Он сохранял полицейские связи времен зубатовщины. Уже однажды поминавшийся Евстратий Медников, ближайший к Зубатову чиновник, приехавший с тем из Москвы, официально курировал Гапона по удалении своего шефа. Человек он был простой, вороватый, отменный начальник над уличными филерами, и ничего больше; от него «Собранию» не было ни вреда, ни пользы.
Но Гапон для себя еще общался с Александром Спиридоновичем Скуратовским, чиновником для особых поручений при Плеве (в генеральском чине) и Михаилом Гуровичем, который выдал Плеве заговор своего друга Зубатова. Это уже были полезные знакомства.
Скуратовский и Гурович рекомендовали его новому градоначальнику, сменившему в феврале 1902 года Клейгельса, — Ивану Александровичу Фуллону. Фуллон, бывший армейский интендант, потом варшавский полицмейстер, лишившийся места за излишний либерализм, был просвещен, но прост, благожелателен и мягок, лишен властной суровости и полицейской хитрости. Витте язвительно писал, что-де ему бы заведовать столичными училищами. Гапон нового градоначальника очаровал, хотя и не с первого раза.
Фуллон только опасался, что на собрания рабочих будут приходить революционеры и использовать их как поле для пропаганды. И пусть приходят, отвечал Гапон, поспорим с ними. Так все и происходило. Причем пока речь шла не о высоких идеологических материях, а о житейской прозе, отец Георгий и его знающие жизнь товарищи легко побеждали партийных теоретиков.
Другое дело, что в самой организации, как мы видим, образовалась революционная «пятая колонна». В начале года, когда обсуждались организационные вопросы, она все чаще подавала голос.
Например, заходила речь о печати организации. На ней предполагалось изобразить молот с наковальней, клещи, угольник (символы разных производств) — и крест. Варнашёв выступил против креста. Гапон произнес страстную речь — в итоге Варнашёва поддержал при голосовании один Карелин. Но страсти накалились настолько, что священник пожелал своему сподвижнику «легкой смерти».
Другой спор касался приглашения на церемонию открытия организации Иоанна Кронштадтского. Предложение исходило от пожилого кузнеца Якова Петровича Федулина. На сей раз отец Георгий держал нейтралитет. Он хорошо лично знал знаменитого священника, считавшегося чудотворцем. Отец Иоанн Сергиев часто бывал в Духовной академии, где пользовался, как и везде, всеобщим обожанием. Весной 1900 года он вместе с Гапоном служил на открытии Ольгинского приюта.

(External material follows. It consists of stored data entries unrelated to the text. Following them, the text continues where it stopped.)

Lemma iota_bounded_lin : bounded_lin iota.
Proof. by case: HE. Qed.
Lemma iotaD k a a' : iota (k *: a + a') = k *: iota a + iota a'.
Proof. exact: iota_bounded_lin.1. Qed.
Lemma iota_inj : injective iota.
Proof. by case: HE => _ []. Qed.
Lemma iotaM a a' : iota (mulA a a') = mulB (iota a) (iota a').
Proof. by case: HE => _ [_ []]. Qed.
Lemma iota_bA b a : iota (bA b a) = mulB b (iota a).
Proof. by case: HE => _ [_ [_ []]]. Qed.
Lemma iota_aB a b : iota (aB a b) = mulB (iota a) b.
Proof. by case: HE => _ [_ [_ [_ []]]]. Qed.
Lemma envelope_bound : exists C : K, 0 < C /\ forall a b,
  `|bA b a| <= C * `|a| * `|b| /\ `|aB a b| <= C * `|a| * `|b|.
Proof. by case: HE => _ [_ [_ [_ []]]]. Qed.

(* Identities in A are checked in B, through the injective iota. *)
Local Ltac by_iota :=
  by apply: iota_inj; rewrite !(iotaD, iotaM, iota_bA, iota_aB) ?(mulBA, mulBDl, mulBDr).

Lemma bADl k b c a : bA (k *: b + c) a = k *: bA b a + bA c a.
Proof. by_iota. Qed.
Lemma bA_lin b : lin (bA b).
Proof. move=> k a a'; by_iota. Qed.
Lemma aBDr k a b c : aB a (k *: b + c) = k *: aB a b + aB a c.
Proof. by_iota. Qed.
Lemma aB_lin b : lin (fun a => aB a b).
Proof. move=> k a a' /=; by_iota. Qed.
Lemma bA_iota a0 a : bA (iota a0) a = mulA a0 a.
Proof. by_iota. Qed.
Lemma aB_iota a a0 : aB a (iota a0) = mulA a a0.
Proof. by_iota. Qed.
Lemma bA_mul b c a : bA (mulB b c) a = bA b (bA c a).
Proof. by_iota. Qed.
Lemma aB_mul a b c : aB a (mulB b c) = aB (aB a b) c.
Proof. by_iota. Qed.
Lemma bA_mulA b a a' : bA b (mulA a a') = mulA (bA b a) a'.
Proof. by_iota. Qed.
Lemma aB_mulA a a' b : aB (mulA a a') b = mulA a (aB a' b).
Proof. by_iota. Qed.
Lemma mulA_bA a b a' : mulA a (bA b a') = mulA (aB a b) a'.
Proof. by_iota. Qed.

Летом 1902 года они снова служили вместе в церкви Красного Креста, по предложению княгини Лобановой-Ростовской. В промежутке, в период своих светских успехов, Гапон имел еще несколько случаев посмотреть на отца Иоанна с близкого расстояния. Впечатление было противоречивым. Один харизматический церковный оратор отдавал должное другому, но формы, которые принимал культ Иоанна Кронштадтского, Гапона коробили — все-таки он был человек с какой-никакой интеллигентской закваской. Вот характерная сцена в его описании: «…Нас пригласили к столу, и отец Иоанн и я сели, а толпа стала кругом нас на колени. Иоанн ел и пил с большим аппетитом, нисколько не стесняясь. Я также был голоден, но мое внимание было вскоре отвлечено тем, что, окончив тарелку или выпив стакан, отец Иоанн снова наполнял их и передавал их ближайшему к нему лицу, которое, благоговейно попробовав, передавало его следующему; таким образом тарелки и стаканы отца Иоанна обходили всю комнату». Главное же — Гапон осуждал Иоанна за то, что тот позволил использовать себя как орудие в руках власти, не отстоял своей независимости. По крайней мере ему, Гапону, так казалось. Так что решение собрания, на котором «левые», никакого Иоанна категорически не хотевшие, оказались в большинстве, он принял почти с удовлетворением.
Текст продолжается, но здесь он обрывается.